### WORK TO COMPLETE
Which lines below fall between the one containing "have delete : intersection_bound" and the one containing "x r2f; lia."? Repeat them exactly, counting both of those lines, and add nothing else.

Collected data entries
Lemma intersection_bound_delete_or_contract r1 r2 k D x :
  rank_function r1 -> rank_function r2 -> r1 [set x] = 1 -> r2 [set x] = 1 ->
  x \in D -> intersection_bound r1 r2 k.+1 D ->
  intersection_bound r1 r2 k.+1 (D :\ x) \/
  intersection_bound (contract r1 x) (contract r2 x) k (D :\ x).
Proof.
(* If deletion fails at X and contraction at Y, submodularity at (X, x |: Y)
   and at the complements, together with the bound at X :&: Y and at
   x |: (X :|: Y), yields 2k + 2 <= 2k + 1. *)
move=> [_ r1S _ r1sub] [_ r2S _ r2sub] r1x r2x xD bnd.
have [del|/forallPn[X]] := boolP [forall X : {set T},
    (X \subset D :\ x) ==> (k.+1 <= r1 X + r2 ((D :\ x) :\: X))].
  by left=> X sX; apply: implyP (forallP del X) sX.
rewrite negb_imply -ltnNge => /andP[sX ltX]; right=> Y sY.
rewrite /contract leqNgt; apply/negP => ltY.
have xX : x \notin X by apply/negP => /(subsetP sX); rewrite !inE eqxx.
have eU1 : X :|: (x |: Y) = x |: (X :|: Y) by rewrite setUCA.
have eI1 : X :&: (x |: Y) = X :&: Y.
  by apply/setP=> z; rewrite !inE; have [->|] := eqVneq z x; rewrite ?(negbTE xX).
have eU2 : ((D :\ x) :\: X) :|: (x |: ((D :\ x) :\: Y)) = D :\: (X :&: Y).
  apply/setP=> z; rewrite !inE; have [->|_] := eqVneq z x; rewrite ?xD ?(negbTE xX) //=.
  by rewrite negb_and andb_orl.
have eI2 : ((D :\ x) :\: X) :&: (x |: ((D :\ x) :\: Y)) = D :\: (x |: (X :|: Y)).
  apply/setP=> z; rewrite !inE; have [->|_] := eqVneq z x; rewrite ?(negbTE xX) //=.
  by rewrite negb_or andbACA andbb.
have sub1 := r1sub X (x |: Y); rewrite eU1 eI1 in sub1.
have sub2 := r2sub ((D :\ x) :\: X) (x |: ((D :\ x) :\: Y)); rewrite eU2 eI2 in sub2.
have sXD : X \subset D := subset_trans sX (subD1set D x).
have sYD : Y \subset D := subset_trans sY (subD1set D x).
have bI := bnd _ (subset_trans (subsetIl X Y) sXD).
have sU : x |: (X :|: Y) \subset D by rewrite !subUset sub1set xD sXD sYD.
have bU := bnd _ sU.
have g1 : 1 <= r1 (x |: Y) by rewrite -r1x r1S // sub1set setU11.
have g2 : 1 <= r2 (x |: ((D :\ x) :\: Y)) by rewrite -r2x r2S // sub1set setU11.
lia.
Qed.

Lemma contract_independent r x W : rank_function r -> r [set x] = 1 ->
  x \notin W -> contract r x W = #|W| -> r (x |: W) = #|x |: W|.
Proof.
move=> [_ rS _ _] rx1 xW; rewrite /contract cardsU1 xW.
have : 1 <= r (x |: W) by rewrite -rx1 rS // sub1set setU11.
lia.
Qed.

Theorem matroid_intersection r1 r2 k D :
  rank_function r1 -> rank_function r2 -> intersection_bound r1 r2 k D ->
  exists2 W : {set T}, W \subset D & [/\ k <= #|W|, r1 W = #|W| & r2 W = #|W|].
Proof.
elim: {D}#|D| {-2}D (erefl #|D|) r1 r2 k => [|m IH] D cardD r1 r2 [|k] r1f r2f bnd;
  have [r10 _ _ _] := r1f; have [r20 _ _ _] := r2f;
  try by exists set0; rewrite ?sub0set ?cards0 ?r10 ?r20.
  move/eqP: cardD; rewrite cards_eq0 => /eqP D0.
  by have := bnd set0 (sub0set _); rewrite D0 setD0 r10 r20.
have [x xD] : exists x, x \in D by apply/card_gt0P; rewrite cardD.
have cardDx : #|D :\ x| = m by move: cardD; rewrite (cardsD1 x) xD => -[].
have delete : intersection_bound r1 r2 k.+1 (D :\ x) ->
    exists2 W : {set T}, W \subset D & [/\ k.+1 <= #|W|, r1 W = #|W| & r2 W = #|W|].
  move=> /(IH _ cardDx _ _ _ r1f r2f) [W sW WP].
  by exists W => //; apply: subset_trans sW (subD1set D x).
have [r1x0|r1x] := eqVneq (r1 [set x]) 0.
  exact/delete/(intersection_bound_loop r1f r1x0 xD).
have [r2x0|r2x] := eqVneq (r2 [set x]) 0.
  apply/delete/intersection_bound_sym.
  exact/(intersection_bound_loop r2f r2x0 xD)/intersection_bound_sym.
have {r1x}r1x : r1 [set x] = 1 by have := rank_set1_le1 x r1f; lia.
have {r2x}r2x : r2 [set x] = 1 by have := rank_set1_le1 x r2f; lia.
have [/delete //|bndc] := intersection_bound_delete_or_contract r1f r2f r1x r2x xD bnd.
have [W sW [kW r1W r2W]] := IH _ cardDx _ _ _
  (rank_function_contract r1f r1x) (rank_function_contract r2f r2x) bndc.
have xW : x \notin W by apply/negP => /(subsetP sW); rewrite !inE eqxx.
exists (x |: W); first by rewrite subUset sub1set xD (subset_trans sW) ?subD1set.
by rewrite !contract_independent // cardsU1 xW.
Qed.
End MatroidIntersection.

Local Open Scope ring_scope.

(** * Ranks of submatrices *)

Section MaskedRank.
Variables (F : fieldType) (T : finType).
Local Notation N := #|{: T}|.
Implicit Types A B C R X Y : {set T}.

Definition mask_mx A : 'M[F]_N := diag_mx (\row_i (enum_val i \in A)%:R).

Lemma mask_mxE A i j : mask_mx A i j = ((i == j) && (enum_val i \in A))%:R.
Proof. by rewrite !mxE; case: eqP => [->|]; rewrite ?mulr1n ?mulr0n. Qed.

Lemma mulmx_mask_mxE m (M : 'M[F]_(m, N)) A i j :
  (M *m mask_mx A) i j = M i j * (enum_val j \in A)%:R.
Proof. by rewrite mul_mx_diag !mxE. Qed.

Lemma mask_mxM A B : mask_mx A *m mask_mx B = mask_mx (A :&: B).
Proof.
apply/matrixP => i j; rewrite mul_diag_mx !mask_mxE !mxE inE.
by case: (i == j); case: (_ \in A); case: (_ \in B); rewrite ?mul1r ?mul0r.
Qed.

Lemma mask_mx0 : mask_mx set0 = 0.
Proof. by apply/matrixP => i j; rewrite mask_mxE inE andbF mxE. Qed.

Lemma mask_mxT : mask_mx setT = 1%:M.
Proof. by apply/matrixP => i j; rewrite mask_mxE inE andbT mxE. Qed.

Lemma mask_mxU A B :
  [disjoint A & B] -> mask_mx (A :|: B) = mask_mx A + mask_mx B.
Proof.
move=> dAB; apply/matrixP => i j; rewrite [RHS]mxE !mask_mxE inE.
case: (i == j); rewrite ?addr0 //=.
by case Ai: (_ \in A); rewrite ?add0r ?(disjointFr dAB Ai) ?addr0.
Qed.

Lemma mask_mxC A : mask_mx A + mask_mx (~: A) = 1%:M.
Proof. by rewrite -mask_mxU ?setUCr ?mask_mxT // disjoints_subset setCK. Qed.

Lemma mulmx_mask_submx m (M : 'M[F]_(N, m)) A B :
  A \subset B -> (mask_mx A *m M <= mask_mx B *m M)%MS.
Proof. by move=> sAB; rewrite -(setIidPl sAB) -mask_mxM -mulmxA submxMl. Qed.

Lemma mask_submx A B : A \subset B -> (mask_mx A <= mask_mx B)%MS.
Proof. by move=> /(mulmx_mask_submx 1%:M); rewrite !mulmx1. Qed.

Lemma mulmx_mask_setU_submx m (M : 'M[F]_(N, m)) A B :
  (mask_mx (A :|: B) *m M <= mask_mx A *m M + mask_mx B *m M)%MS.
Proof.
have dAB : [disjoint A & B :\: A] by rewrite disjoint_sym disjoints_subset subsetDr.
have -> : A :|: B = A :|: (B :\: A) by rewrite setDE setUIr setUCr setIT.
rewrite mask_mxU // mulmxDl addmx_sub_adds //.
exact/mulmx_mask_submx/subsetDl.
Qed.

Lemma mxrank_adds_disjoint_support m1 m2 (M1 : 'M[F]_(m1, N)) (M2 : 'M[F]_(m2, N))
    A B :
  [disjoint A & B] -> M1 *m mask_mx A = M1 -> M2 *m mask_mx B = M2 ->
  \rank (M1 + M2)%MS = (\rank M1 + \rank M2)%N.
Proof.
move=> dAB M1A M2B; apply: mxrank_disjoint_sum.
have [K1 eK1] := submxP (capmxSl M1 M2); have [K2 eK2] := submxP (capmxSr M1 M2).
set Z := (M1 :&: M2)%MS in eK1 eK2 *.
have ZA : Z *m mask_mx A = Z by rewrite eK1 -mulmxA M1A.
have ZB : Z *m mask_mx B = Z by rewrite eK2 -mulmxA M2B.
by rewrite -ZA -ZB -mulmxA mask_mxM setIC (disjoint_setI0 dAB) mask_mx0 mulmx0.
Qed.

Lemma mask_mx1 x : mask_mx [set x] = delta_mx (enum_rank x) (enum_rank x).
Proof.
apply/matrixP => i j; rewrite mask_mxE !mxE inE.
rewrite -[enum_val i == x](inj_eq (@enum_rank_inj T)) enum_valK.
by have [->|_] := eqVneq i (enum_rank x); rewrite ?andbT ?andbF //= eq_sym.
Qed.

Lemma mxrank_mask_mxU A B : [disjoint A & B] ->
  \rank (mask_mx (A :|: B)) = (\rank (mask_mx A) + \rank (mask_mx B))%N.
Proof.
move=> dAB; rewrite -(mxrank_adds_disjoint_support dAB) ?mask_mxM ?setIid //.
apply/eqmx_rank/andP; split; last by rewrite addsmx_sub !mask_submx ?subsetUl ?subsetUr.
by have := mulmx_mask_setU_submx 1%:M A B; rewrite !mulmx1.
Qed.

Lemma mxrank_mask_mx A : \rank (mask_mx A) = #|A|.
Proof.
elim: {A}#|A| {-2}A (erefl #|A|) => [|k IH] A cardA.
  by move/eqP: cardA; rewrite cards_eq0 => /eqP->; rewrite mask_mx0 mxrank0 cards0.
have [x xA] : exists x, x \in A by apply/card_gt0P; rewrite cardA.
have cardAx : #|A :\ x| = k by move: cardA; rewrite (cardsD1 x) xA => -[].
have dxA : [disjoint [set x] & A :\ x] by rewrite disjoints1 !inE eqxx.
by rewrite -{1}(setD1K xA) mxrank_mask_mxU // mask_mx1 mxrank_delta IH // cardAx cardA.
Qed.

Variable E : 'M[F]_N.

Definition restrict_mx R C := mask_mx R *m E *m mask_mx C.
Definition restricted_rank R C := \rank (restrict_mx R C).

Lemma restricted_rank_tr R C :
  restricted_rank R C = \rank (mask_mx C *m E^T *m mask_mx R).
Proof.
by rewrite /restricted_rank -mxrank_tr !trmx_mul /mask_mx !tr_diag_mx mulmxA.
Qed.

Definition compl_span X Y := (mask_mx (~: X) + mask_mx Y *m E^T)%MS.

Lemma mxrank_compl_span X Y :
  \rank (compl_span X Y) = (#|~: X| + restricted_rank X Y)%N.
Proof.
rewrite /compl_span; set M := mask_mx Y *m E^T.
have eM : M = M *m mask_mx X + M *m mask_mx (~: X) by rewrite -mulmxDr mask_mxC mulmx1.
have MC_sub : (M *m mask_mx (~: X) <= mask_mx (~: X))%MS by apply: submxMl.
have eqS : (mask_mx (~: X) + M == mask_mx (~: X) + M *m mask_mx X)%MS.
  apply/andP; split; rewrite addsmx_sub addsmxSl /=.
    by rewrite {1}eM addrC addmx_sub_adds.
  have -> : M *m mask_mx X = M - M *m mask_mx (~: X) by rewrite {2}eM addrK.
  by rewrite addmx_sub ?addsmxSr // eqmx_opp (submx_trans MC_sub) ?addsmxSl.
have dX : [disjoint ~: X & X] by rewrite disjoints_subset.
rewrite (eqmx_rank eqS) (mxrank_adds_disjoint_support dX) ?mask_mxM ?setIid //.
  by rewrite mxrank_mask_mx restricted_rank_tr.
by rewrite -mulmxA mask_mxM setIid.
Qed.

### OUTPUT
have delete : intersection_bound r1 r2 k.+1 (D :\ x) ->
    exists2 W : {set T}, W \subset D & [/\ k.+1 <= #|W|, r1 W = #|W| & r2 W = #|W|].
  move=> /(IH _ cardDx _ _ _ r1f r2f) [W sW WP].
  by exists W => //; apply: subset_trans sW (subD1set D x).
have [r1x0|r1x] := eqVneq (r1 [set x]) 0.
  exact/delete/(intersection_bound_loop r1f r1x0 xD).
have [r2x0|r2x] := eqVneq (r2 [set x]) 0.
  apply/delete/intersection_bound_sym.
  exact/(intersection_bound_loop r2f r2x0 xD)/intersection_bound_sym.
have {r1x}r1x : r1 [set x] = 1 by have := rank_set1_le1 x r1f; lia.
have {r2x}r2x : r2 [set x] = 1 by have := rank_set1_le1 x r2f; lia.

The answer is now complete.